SBGI Home | Featured Articles | Continuing Education | News Center Home
Faculty News | Student News | Dissertations | Workshops | Interviews
Interview with Judyth Weaver


Judyth O. Weaver, PhD in Reichian Psychology, spent her 20’s as an aspiring dancer, student of Japanese culture, and trainee at a rigorous, traditional Zen monastery (for men) in Kobe, Japan.  In later years, she became a multi-faceted teacher and counselor, incorporating extensive training in diverse areas.  She is certified in Reichian therapy, Somatic Experiencing, massage, Biodynamic Craniosacral Therapy, and Pre- and Perinatal Therapy.  She also teaches T’ai Chi Ch’uan, Rosen Method, and Sensory Awareness.  Dr. Weaver is the Creator and Founding Chair of Santa Barbara Graduate Institute’s Somatic Psychology Program.  She maintains a position on the core faculty at SBGI and teaches in the Somatics Masters Program at the California Institute of Integral Studies as well as at private and academic facilities throughout the world.

AS: On your website – www.judythweaver.com – you describe your many months’ training at a Zen monastery in Japan and your experience there at approaching and attaining ‘Mu’.  Could you give us your most concise, Zen explanation of ‘Mu’ and explore how you encourage your somatic psychology students to experience it?

Dr. Weaver: (Laughs.)  Well, for me, “mu” is a negative, it’s “no,” it’s “nothing.”  And there’s a common Zen phrase that says, “mu ichi mutzu” which means “I have nothing” or “Everything I have is nothing.”  And so it means emptiness, openness, non-attachment and all of that is incredibly important in any kind of interpersonal work because if one wants to be a therapist, a counselor, a helper for anyone on any level, one has to be open-minded, open-hearted, and not attached. 

There’s this wonderful thing: the four edicts.  1) Show up – how to live a good life,
2) Pay attention, 3) Tell the truth, and, 4) Don’t be attached to the outcome.
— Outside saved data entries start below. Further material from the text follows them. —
Record vstate := VState {
  vs_sugg_sent : bool;
  vs_timer : bool;                     (* the 11Delta timer abort already sent *)
  vs_sugg_from : seq 'I_n;             (* primary: parties whose first suggest was processed *)
  vs_key2_proofs : seq (nat * V * int);
  vs_suggestions : seq (nat * V);
  vs_pending : seq (nat * V);          (* suggestions with 0 < k3 < v awaiting their condition *)
  vs_proposed : bool;
  vs_proof_from : seq 'I_n;            (* parties whose first proof was processed *)
  vs_proofs : seq (nat * V * int);
  vs_prop_got : bool;                  (* first propose from the primary processed *)
  vs_echo_wait : option V;             (* conditional echo awaiting f+1 proofs *)
  vs_rcv : seq ('I_n * msg);           (* received echo/key1/key2/key3/lock msgs of this view *)
  vs_fired : seq (nat * V);            (* (phase,val) quorum handlers already executed *)
  vs_outbox : seq msg;                 (* messages to "send-upon-join" *)
  vs_served : seq ('I_n * nat) }.      (* (j,t): outbox entry t already sent to j *)

Record pstate := PState {
  ks : keys;
  view : nat;
  hreq : 'I_n -> nat;
  habort : 'I_n -> nat;
  done_sent : bool;
  rcv_done : seq ('I_n * V);
  decided : option V;                  (* Some val: decided val and terminated *)
  vs : vstate }.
And it’s that “Don’t be attached to the outcome” that is so important.  If you have an intention for your client, or you want them to accomplish something or go someplace, you know, it’s going to be a disaster!  You are not going to help anybody, including yourself.  That is where “being ‘Mu’” is very important for anyone who wants to work with other people.
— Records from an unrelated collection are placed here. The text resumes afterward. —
Definition centrality (a : nat -> R) (y : nat) : R := (\sum_(j < n) a (distG j y))%R.

Lemma lincentG a (y : 'I_n) : lincent (@Gprime n) a y = centrality a y.
Proof. by apply: lincent_dist => [x k|x]; rewrite ?dist_isG ?distG_lt. Qed.
End GraphGprime.

Local Open Scope ring_scope.

Definition psum (a : nat -> R) (k : nat) : R := \sum_(0 <= j < k) a j.

Lemma psum0 a : psum a 0 = 0.
Proof. by rewrite /psum big_geq. Qed.

Lemma psumS a k : psum a k.+1 = psum a k + a k.
Proof. by rewrite /psum big_nat_recr. Qed.

Lemma sum_rev_psum a c t : (t <= c.+1)%N ->
  \sum_(0 <= j < t) a (c - j)%N = psum a c.+1 - psum a (c.+1 - t).
Proof.
elim: t => [|t IHt] tc; first by rewrite big_geq // subn0 subrr.
rewrite big_nat_recr //= IHt 1?ltnW // subSS subSn // (psumS a (c - t)); ring.
Qed.

Section Centrality.
Variables (m : nat) (a : nat -> R).
Local Notation centrality := (centrality m a).

Lemma centrality_chain i : (i <= m.+1)%N ->
  centrality i = psum a i.+1 + (m.+3 - i)%:R * a i.+1.
Proof.
move=> im; rewrite /centrality -(big_mkord xpredT (fun j => a (distG m j i))).
rewrite (big_cat_nat _ (n := i.+1)) //=; last lia.
rewrite (eq_big_nat _ _ (F2 := fun j => a (i - j)%N)) => [|j /andP[_ ji]]; last first.
  by rewrite /distG im ifT.
rewrite (eq_big_nat _ _ (m := i.+1) (F2 := fun=> a i.+1)) => [|j /andP[ij _]]; last first.
  by rewrite /distG im leqNgt ij.
by rewrite sum_rev_psum // subnn psum0 subr0 sumr_const_nat mulr_natl.
Qed.

Lemma centrality_penult : centrality m.+2 = psum a m.+4.
Proof.
rewrite /centrality 3!big_ord_recr /=.
rewrite (eq_bigr (fun j : 'I_m.+1 => a (m.+2 - j)%N)) => [|j _]; last first.
  by congr a; rewrite /distG /=; have := ltn_ord j; repeat case: ifP => ?; lia.
rewrite -(big_mkord xpredT (fun j => a (m.+2 - j)%N)) sum_rev_psum; last lia.
have -> : distG m m.+1 m.+2 = m.+3 by rewrite /distG; repeat case: ifP => ?; lia.
have -> : distG m m.+2 m.+2 = 0%N by rewrite /distG; repeat case: ifP => ?; lia.
have -> : distG m m.+3 m.+2 = 1%N by rewrite /distG; repeat case: ifP => ?; lia.
have -> : (m.+3 - m.+1 = 2)%N by lia.
rewrite !psumS psum0; ring.
Qed.

Lemma centrality_last : centrality m.+3 = psum a m.+3 + a 1.
Proof.
rewrite /centrality 3!big_ord_recr /=.
rewrite (eq_bigr (fun j : 'I_m.+1 => a (m.+1 - j)%N)) => [|j _]; last first.
  by congr a; rewrite /distG /=; have := ltn_ord j; repeat case: ifP => ?; lia.
rewrite -(big_mkord xpredT (fun j => a (m.+1 - j)%N)) sum_rev_psum; last lia.
have -> : distG m m.+1 m.+3 = m.+2 by rewrite /distG; repeat case: ifP => ?; lia.
have -> : distG m m.+2 m.+3 = 1%N by rewrite /distG; repeat case: ifP => ?; lia.
have -> : distG m m.+3 m.+3 = 0%N by rewrite /distG; repeat case: ifP => ?; lia.
have -> : (m.+2 - m.+1 = 1)%N by lia.
rewrite !psumS psum0; ring.
Qed.
End Centrality.

Section Weights.
Variable m : nat.

Definition weight (i : nat) : R :=
  if i is 0 then m.+2%:R^-1 else ((m.+2 - i) * (m.+3 - i))%:R^-1.

Lemma weight_ge0 i : 0 <= weight i.
Proof. by case: i => [|i]; rewrite invr_ge0 ler0n. Qed.

Lemma weight_gt0 i : (i <= m.+1)%N -> 0 < weight i.
Proof. by case: i => [|i] im; rewrite invr_gt0 ltr0n // muln_gt0; lia. Qed.

Lemma centrality_last_wavg a :
  centrality m a m.+3 = \sum_(0 <= i < m.+2) weight i * centrality m a i.
Proof.
have chain i : (i <= m.+1)%N ->
    centrality m a i = (m.+3 - i)%:R * psum a i.+2 - (m.+2 - i)%:R * psum a i.+1.
  move=> im; rewrite centrality_chain // (psumS a i.+1).
  have -> : (m.+3 - i = (m.+2 - i).+1)%N by lia.
  by rewrite -natr1; ring.
rewrite big_ltn // (telescope_sumr_eq (fun k => psum a k.+1 / (m.+3 - k)%:R)) //; last first.
  case=> [//|k] /andP[_ km]; rewrite chain // /weight.
  have d0 : (0 < m.+2 - k.+1)%N by lia.
  have -> : (m.+3 - k.+1 = (m.+2 - k.+1).+1)%N by lia.
  have -> : (m.+3 - k.+2 = m.+2 - k.+1)%N by lia.
  move: d0; set d := (m.+2 - k.+1)%N => d0.
  have dR : d%:R != 0 :> R by rewrite pnatr_eq0 -lt0n.
  by rewrite natrM -natr1; field; rewrite natr1 pnatr_eq0 dR.
have -> : (m.+3 - m.+2 = 1)%N by lia.
rewrite centrality_last chain // /weight !subn0 (psumS a 1) -!natr1.
by field; rewrite !natr1 pnatr_eq0.
Qed.

Lemma sum_weight : \sum_(0 <= i < m.+2) weight i = 1.
Proof.
pose a k : R := (k == 0%N)%:R.
have psum_a k : psum a k.+1 = 1.
  by elim: k => [|k IHk]; rewrite psumS ?psum0 ?IHk /a /= ?addr0 ?add0r.
have := centrality_last_wavg a.
rewrite centrality_last psum_a /a addr0 => ->.
apply: eq_big_nat => i /andP[_ im].
by rewrite centrality_chain // psum_a /a /= mulr0 addr0 mulr1.
Qed.

Lemma wavg_lt (u : nat -> R) c : (forall i, (i < m.+2)%N -> u i < c) ->
  \sum_(0 <= i < m.+2) weight i * u i < c.
Proof.
move=> uc; rewrite -[c]mul1r -sum_weight mulr_suml.
by apply: ltr_sum_nat => // i /andP[_ im]; rewrite ltr_pM2l ?weight_gt0 ?uc.
Qed.

Lemma wavg_gt (u : nat -> R) c : (forall i, (i < m.+2)%N -> c < u i) ->
  c < \sum_(0 <= i < m.+2) weight i * u i.
Proof.
move=> cu; rewrite -[c]mul1r -sum_weight mulr_suml.
by apply: ltr_sum_nat => // i /andP[_ im]; rewrite ltr_pM2l ?weight_gt0 ?cu.
Qed.

Lemma wsum_nat_gt0 (u : nat -> nat) : (exists2 i, (i < m.+2)%N & (0 < u i)%N) ->
  0 < \sum_(0 <= i < m.+2) weight i * (u i)%:R.
Proof.
case=> j jm uj; have ge0 i : 0 <= weight i * (u i)%:R by rewrite mulr_ge0 ?weight_ge0.
rewrite lt0r sumr_ge0 // andbT psumr_neq0 //; apply/hasP; exists j.
  by rewrite mem_index_iota.
by rewrite mulr_gt0 ?weight_gt0 ?ltr0n.
Qed.

Definition balanced (v : nat -> R) : Prop :=
  v m.+3 = \sum_(0 <= i < m.+2) weight i * v i.

End Weights.

Section Realization.
Variables (m : nat) (v : nat -> R).

(* Solves centrality i = v i for s_(i+2); at i = m+2 the truncated subtractions give
   s_(m+4) = v (m+2), as centrality_penult requires. *)
Fixpoint psum_sol (k : nat) : R :=
  if k is k1.+1 then
    if k1 is i.+1 then (v i + (m.+2 - i)%:R * psum_sol k1) / (m.+3 - i)%:R else 0
  else 0.

Lemma centrality_onto : exists a, forall i, (i <= m.+2)%N -> centrality m a i = v i.
Proof.
pose a k := psum_sol k.+1 - psum_sol k.
have psum_a k : psum a k = psum_sol k.
  by rewrite /psum telescope_sumr // subr0.
exists a => i; rewrite leq_eqVlt => /orP[/eqP-> | im].
  rewrite centrality_penult psum_a /= subnn mul0r addr0.
  have -> : (m.+3 - m.+2 = 1)%N by lia.
  by rewrite divr1.
rewrite centrality_chain // psum_a /a /=.
have -> : (m.+3 - i = (m.+2 - i).+1)%N by lia.
by field; rewrite addrC natr1 pnatr_eq0.
Qed.

End Realization.

Lemma representableE m (p : {perm 'I_m.+4}) :
  representable (@Gprime m.+4) p <->
  exists2 v : nat -> R, balanced m v &
    forall s t : 'I_m.+4, t = s.+1 :> nat -> v (p t) < v (p s).
Proof.
split=> [[a dec] | [v bal dec]].
  exists (centrality m a); first exact: centrality_last_wavg.
  by move=> s t ts; rewrite -!lincentG; apply: dec.
have [a av] := centrality_onto m v.
have lincent_v (x : 'I_m.+4) : lincent (@Gprime m.+4) a x = v x.
  rewrite lincentG; case: (ltnP x m.+3) => [xm | xm]; first exact: av.
  have -> : nat_of_ord x = m.+3 by have := ltn_ord x; lia.
  rewrite centrality_last_wavg bal; apply: eq_big_nat => i /andP[_ im].
  by rewrite av // ltnW.
by exists a => s t ts; rewrite !lincent_v; apply: dec.
Qed.

Lemma ord_decreasing n (g : 'I_n.+1 -> R) :
  (forall s t : 'I_n.+1, t = s.+1 :> nat -> g t < g s) ->
  forall s t : 'I_n.+1, (s < t)%N -> g t < g s.
Proof.
move=> succ s t st; rewrite -(inord_val s) -(inord_val t).
apply: (@Order.NatMonotonyTheory.nhomo_ltn_lt_in _ _ [pred k | (k < n.+1)%N]
  (fun k => g (inord k))); rewrite ?inE //.
- by move=> i j _; rewrite !inE => jn k /andP[_ kj]; apply: ltn_trans jn.
- by move=> i; rewrite !inE => iSn in_; apply: succ; rewrite !inordK.
Qed.

(* The truncated subtractions make this lam (r - k) for k <= r and r - k for k >= r. *)
Definition ramp (lam : R) (r k : nat) : R := lam * (r - k)%:R - (k - r)%:R.

Lemma ramp_decreasing lam r k : 0 < lam -> ramp lam r k.+1 < ramp lam r k.
Proof.
move=> lam0; rewrite /ramp; case: (ltnP k r) => kr.
  have -> : (r - k = (r - k.+1).+1)%N by lia.
  have -> : (k.+1 - r = 0)%N by lia.
  have -> : (k - r = 0)%N by lia.
  by rewrite -natr1; lra.
have -> : (r - k.+1 = 0)%N by lia.
have -> : (r - k = 0)%N by lia.
have -> : (k.+1 - r = (k - r).+1)%N by lia.
by rewrite -natr1; lra.
Qed.

Section Ranks.
Variables (m : nat) (p : {perm 'I_m.+4}).
Local Notation n := m.+4.

Definition rank (k : nat) : nat := val ((p^-1)%g (inord k)).

Lemma rank_perm (t : 'I_n) : rank (p t) = t.
Proof. by rewrite /rank inord_val permK. Qed.

Lemma rank_inj i j : (i < n)%N -> (j < n)%N -> rank i = rank j -> i = j.
Proof. by move=> i_n j_n /val_inj/perm_inj/(congr1 (@nat_of_ord _)); rewrite !inordK. Qed.

Definition straddles : Prop :=
  (exists2 i, (i < m.+2)%N & (rank i < rank m.+3)%N) /\
  (exists2 i, (i < m.+2)%N & (rank m.+3 < rank i)%N).

Lemma chain_node_at q : (q < n)%N -> q != rank m.+3 -> q != rank m.+2 ->
  exists2 i, (i < m.+2)%N & rank i = q.
Proof.
move=> qn qX qY; set j := p (inord q).
have rj : rank j = q by rewrite /j rank_perm inordK.
exists (nat_of_ord j) => //; case: (ltnP j m.+2) => // jm.
have [jY | jX] : j = m.+2 :> nat \/ j = m.+3 :> nat by have := ltn_ord j; lia.
  by move: qY; rewrite -rj jY eqxx.
by move: qX; rewrite -rj jX eqxx.
Qed.

Lemma inPnE : inPn p <-> straddles.
Proof.
split=> [Pn | [[i1 i1m lt1] [i2 i2m lt2]] x y xv yv /=].
  have := Pn (inord m.+3) (inord m.+2) (inordK (ltnSn _)) (inordK (ltnW (ltnSn _))).
  rewrite /= -/(rank m.+3) -/(rank m.+2) => Hrs.
  have rXn : (rank m.+3 < n)%N := ltn_ord _.
  split.
    have [q qX qY] : exists2 q, (q < rank m.+3)%N & q != rank m.+2.
      by case: (eqVneq (rank m.+2) 0) => s0; [exists 1%N | exists 0%N]; lia.
    have [i im ri] := @chain_node_at q ltac:(lia) ltac:(lia) qY.
    by exists i; rewrite ?ri.
  have [q /andP[Xq qn] qY] : exists2 q, (rank m.+3 < q < n)%N & q != rank m.+2.
    by case: (eqVneq (rank m.+2) m.+3) => s3; [exists m.+2 | exists m.+3]; lia.
  have [i im ri] := @chain_node_at q qn ltac:(lia) qY.
  by exists i; rewrite ?ri.
have -> : x = inord m.+3 by apply: ord_inj; rewrite inordK //; move: xv => /=; lia.
have -> : y = inord m.+2 by apply: ord_inj; rewrite inordK //; move: yv => /=; lia.
rewrite -/(rank m.+3) -/(rank m.+2).
have rY i : (i < m.+2)%N -> rank i != rank m.+2 by move=> im; apply/eqP => /rank_inj; lia.
have := rY _ i1m; have := rY _ i2m; have : (rank i2 < n)%N := ltn_ord _.
lia.
Qed.

Lemma balanced_straddles v : balanced m v ->
  (forall x y, (x < n)%N -> (y < n)%N -> (rank x < rank y)%N -> v y < v x) ->
  straddles.
Proof.
move=> bal dec; have rX i : (i < m.+2)%N -> rank i != rank m.+3.
  by move=> im; apply/eqP => /rank_inj; lia.
split.
  case: (boolP [exists i : 'I_m.+2, (rank i < rank m.+3)%N]) => [/existsP[i ri]|].
    by exists (nat_of_ord i).
  move/existsPn => later; suff : \sum_(0 <= i < m.+2) weight m i * v i < v m.+3.
    by rewrite -bal ltxx.
  apply: wavg_lt => i im; apply: dec; [lia | lia |].
  by have := later (Ordinal im); have := rX i im; rewrite /=; lia.
case: (boolP [exists i : 'I_m.+2, (rank m.+3 < rank i)%N]) => [/existsP[i ri]|].
  by exists (nat_of_ord i).
move/existsPn => earlier; suff : v m.+3 < \sum_(0 <= i < m.+2) weight m i * v i.
  by rewrite -bal ltxx.
apply: wavg_gt => i im; apply: dec; [lia | lia |].
by have := earlier (Ordinal im); have := rX i im; rewrite /=; lia.
Qed.

Lemma straddles_balanced : straddles ->
  exists2 v, balanced m v & forall s t : 'I_n, t = s.+1 :> nat -> v (p t) < v (p s).
Proof.
case=> [[i1 i1m lt1] [i2 i2m lt2]]; set r := rank m.+3 in lt1 lt2 *.
pose P := \sum_(0 <= i < m.+2) weight m i * (r - rank i)%:R.
pose Q := \sum_(0 <= i < m.+2) weight m i * (rank i - r)%:R.
have P0 : 0 < P by apply: wsum_nat_gt0; exists i1; rewrite ?subn_gt0.
have Q0 : 0 < Q by apply: wsum_nat_gt0; exists i2; rewrite ?subn_gt0.
exists (fun k => ramp (Q / P) r (rank k)); last first.
  by move=> s t ts; rewrite !rank_perm ts ramp_decreasing ?divr_gt0.
rewrite /balanced /ramp subnn mulr0 subr0.
under eq_bigr do rewrite mulrBr mulrCA.
by rewrite sumrB -mulr_sumr -/P -/Q divfK ?subrr // gt_eqF.
Qed.

End Ranks.

Lemma inPn_representable m (p : {perm 'I_m.+4}) :
  inPn p <-> representable (@Gprime m.+4) p.
Proof.
rewrite inPnE representableE; split=> [/straddles_balanced // | [v bal dec]].
apply: (balanced_straddles bal) => x y xn yn xy.
by have := ord_decreasing dec xy; rewrite !permKV !inordK.
Qed.

Local Close Scope ring_scope.

Theorem theorem8 (n : nat) (hn : 4 <= n) (p : {perm 'I_n}) :
  inPn p <-> representable (@Gprime n) p.
Proof. by case: n hn p => [|[|[|[|m]]]] // _ p; exact: inPn_representable. Qed.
For instance, in Sensory Awareness, we do not call it “teaching.”  I am not “a teacher” of Sensory Awareness.  What I do is lead people.  In fact, the definition of the word educate means to draw out or to pull out from another person.

In a meditation session, as well as a therapy session, I’m here with you – this is who I am, I can be myself, I can hold presence, I can keep myself clear and open so that you can be who you are.
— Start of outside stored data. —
(* Let $R$ be a $\delta$-ring, $I$ an ideal of $R$ containing $p$, and $A$ a $\delta$-$R$-algebra which is $I$-adically separated with $A/I^nA$ smooth over $R/I^n$ for all $n\ge1$. Let $T_1,\dots,T_d\in A$ be such that $d(T_i\bmod IA)$ form a basis of $\Omega_{(A/IA)/(R/I)}$. Let $\alpha,\beta\in A$ with $\delta(\alpha)=\alpha\beta$ and let $\partial$ be an $\alpha$-derivation of $A$ over $R$. Then $\partial$ is $\delta$-compatible with respect to $\beta$ if and only if each $T_i$ ($1\le i\le d$) is $\delta$-compatible with respect to $\partial$ and $\beta$.
   Context: $p$ a fixed prime; $\delta$-rings: $\delta(0)=\delta(1)=0$, $\delta(x+y)=\delta(x)+\delta(y)-\sum_{i=1}^{p-1}\frac1p\binom pi x^iy^{p-i}$, $\delta(xy)=\delta(x)y^p+x^p\delta(y)+p\delta(x)\delta(y)$. An $\alpha$-derivation of $A$ over $R$ is an $R$-linear $\partial$ with $\partial(1)=0$, $\partial(xy)=\partial(x)y+x\partial(y)+\alpha\partial(x)\partial(y)$. An element $x\in A$ is $\delta$-compatible with respect to $\partial$ and $\beta$ if $\partial(\delta(x))=(\alpha^{p-1}+p\beta)\delta(\partial(x))+\beta\partial(x)^p-\sum_{\nu=1}^{p-1}\frac1p\binom p\nu x^{p-\nu}\alpha^{\nu-1}\partial(x)^\nu$; $\partial$ is $\delta$-compatible with respect to $\beta$ if every $x\in A$ is. *)

From HB Require Import structures.
From mathcomp Require Import all_boot all_order all_algebra.
From mathcomp Require Import mpoly.

Set Implicit Arguments.
Unset Strict Implicit.
Unset Printing Implicit Defensive.

Import Order.TTheory GRing.Theory.
Local Open Scope ring_scope.

(* the rational number (1/p) binom(p,i) for 0 < i < p, as an element of a ring *)
Definition binp {T : pzRingType} (p i : nat) : T := ('C(p, i) %/ p)%N%:R.

Definition is_delta (p : nat) (T : comPzRingType) (delta : T -> T) : Prop :=
  [/\ delta 0 = 0, delta 1 = 0,
      (forall x y, delta (x + y) =
          delta x + delta y - \sum_(1 <= i < p) binp p i * x ^+ i * y ^+ (p - i))
    & (forall x y, delta (x * y) =
          delta x * y ^+ p + x ^+ p * delta y + p%:R * delta x * delta y)].

Definition is_ideal (R : comNzRingType) (I : R -> Prop) : Prop :=
  [/\ I 0, (forall x y, I x -> I y -> I (x + y)) & (forall r x, I x -> I (r * x))].

Fixpoint idealPow (R : comNzRingType) (I : R -> Prop) (n : nat) : R -> Prop :=
  match n with
  | 0 => fun _ => True
  | n'.+1 => fun r => exists m (s t : 'I_m -> R),
       [/\ forall k, I (s k), forall k, idealPow I n' (t k)
         & r = \sum_(k < m) s k * t k]
  end.

Definition extIdeal (R : comNzRingType) (A : comAlgType R) (J : R -> Prop) (a : A)
  : Prop :=
  exists m (c : 'I_m -> A) (s : 'I_m -> R),
    (forall k, J (s k)) /\ a = \sum_(k < m) c k * (s k)%:A.

Definition adically_separated (R : comNzRingType) (A : comAlgType R) (I : R -> Prop) :=
  forall a : A, (forall n, extIdeal (idealPow I n) a) -> a = 0.

Definition is_ralg_hom (R : comNzRingType) (A B : comAlgType R) (f : A -> B) : Prop :=
  [/\ f 1 = 1, (forall x y, f (x * y) = f x * f y)
    & (forall (r : R) x y, f (r *: x + y) = r *: f x + f y)].

(* A / J A is formally smooth over R / J (J an ideal of R): lifting property
   along surjections of R/J-algebras C -> D with square-zero kernel.
   An R/J-algebra is an R-algebra C with J C = 0, and R/J-algebra maps
   A/JA -> D are exactly R-algebra maps A -> D. *)
Definition formally_smooth_mod (R : comNzRingType) (A : comAlgType R) (J : R -> Prop) :=
  forall (C D : comAlgType R) (pi : C -> D) (g : A -> D),
    (forall r, J r -> r%:A = 0 :> C) ->
    is_ralg_hom pi -> (forall d, exists c, pi c = d) ->
    (forall x y, pi x = 0 -> pi y = 0 -> x * y = 0) ->
    is_ralg_hom g ->
    exists h : A -> C, is_ralg_hom h /\ forall a, pi (h a) = g a.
AS: As you started to talk about how it pertained to the therapist, I thought of how a therapist is being a mirror of what is already present and wants to be discovered.

Dr. Weaver: That is the process of going within and answering that unanswerable question to your Master – the koan.  He’s your mirror.  He/she – whoever it is – is a mirror.  So it’s very much the same thing.

AS: How do you apply the energetic awareness of T’ai Chi Ch’uan to your own experience of teaching psychology?

Dr. Weaver: So many people have said, “How do you do so many things?”  I am always startled because I think they are all the same thing.  The essence of T’ai Chi that I have learned is the essence of sitting in meditation, of sitting with a client, of sitting with a student.  It is meeting that person where they need to be met – and everyone is different – and moving with that person as they need to be moved with, and being still with that person as it is appropriate to be still.

AS: Would you give us thumbnail sketches of your various approaches to psychology?

Dr. Weaver: Sensory Awareness, or as I prefer to say ‘all kinds of awareness’, is the basis of our being alive.  Awareness delineates how we are going to choose to be alive in that moment.  If I choose to be more or less aware of whatever it is, then that’s how I proceed to exist. 

Reichian-based Therapy or Somatic Therapy are the therapies that include the body – the energetics as well as the mind.  Awareness, feeling, movement, patterns  - all of these things are a part of somatic psychotherapy.  Somatic Psychotherapy is engaging the whole person in a somatic process.

The Pre- and Perinatal therapies are a subset of that.  I needed to go deeper and deeper into my work, and further back.  Clients would go back far enough that they knew they were experiencing things in the womb.  So, going deeper in somatic psychology led me to pre- and perinatal therapy. 

Rosen Method is not a psychotherapeutic practice, yet it is therapeutic.  Rosen Method is another way of meeting and touching people both physically and non-physically.  There is more of a focus on working with the physical body, although it is more than the physical body because you cannot be aware of where the physical and the psychic body begin. 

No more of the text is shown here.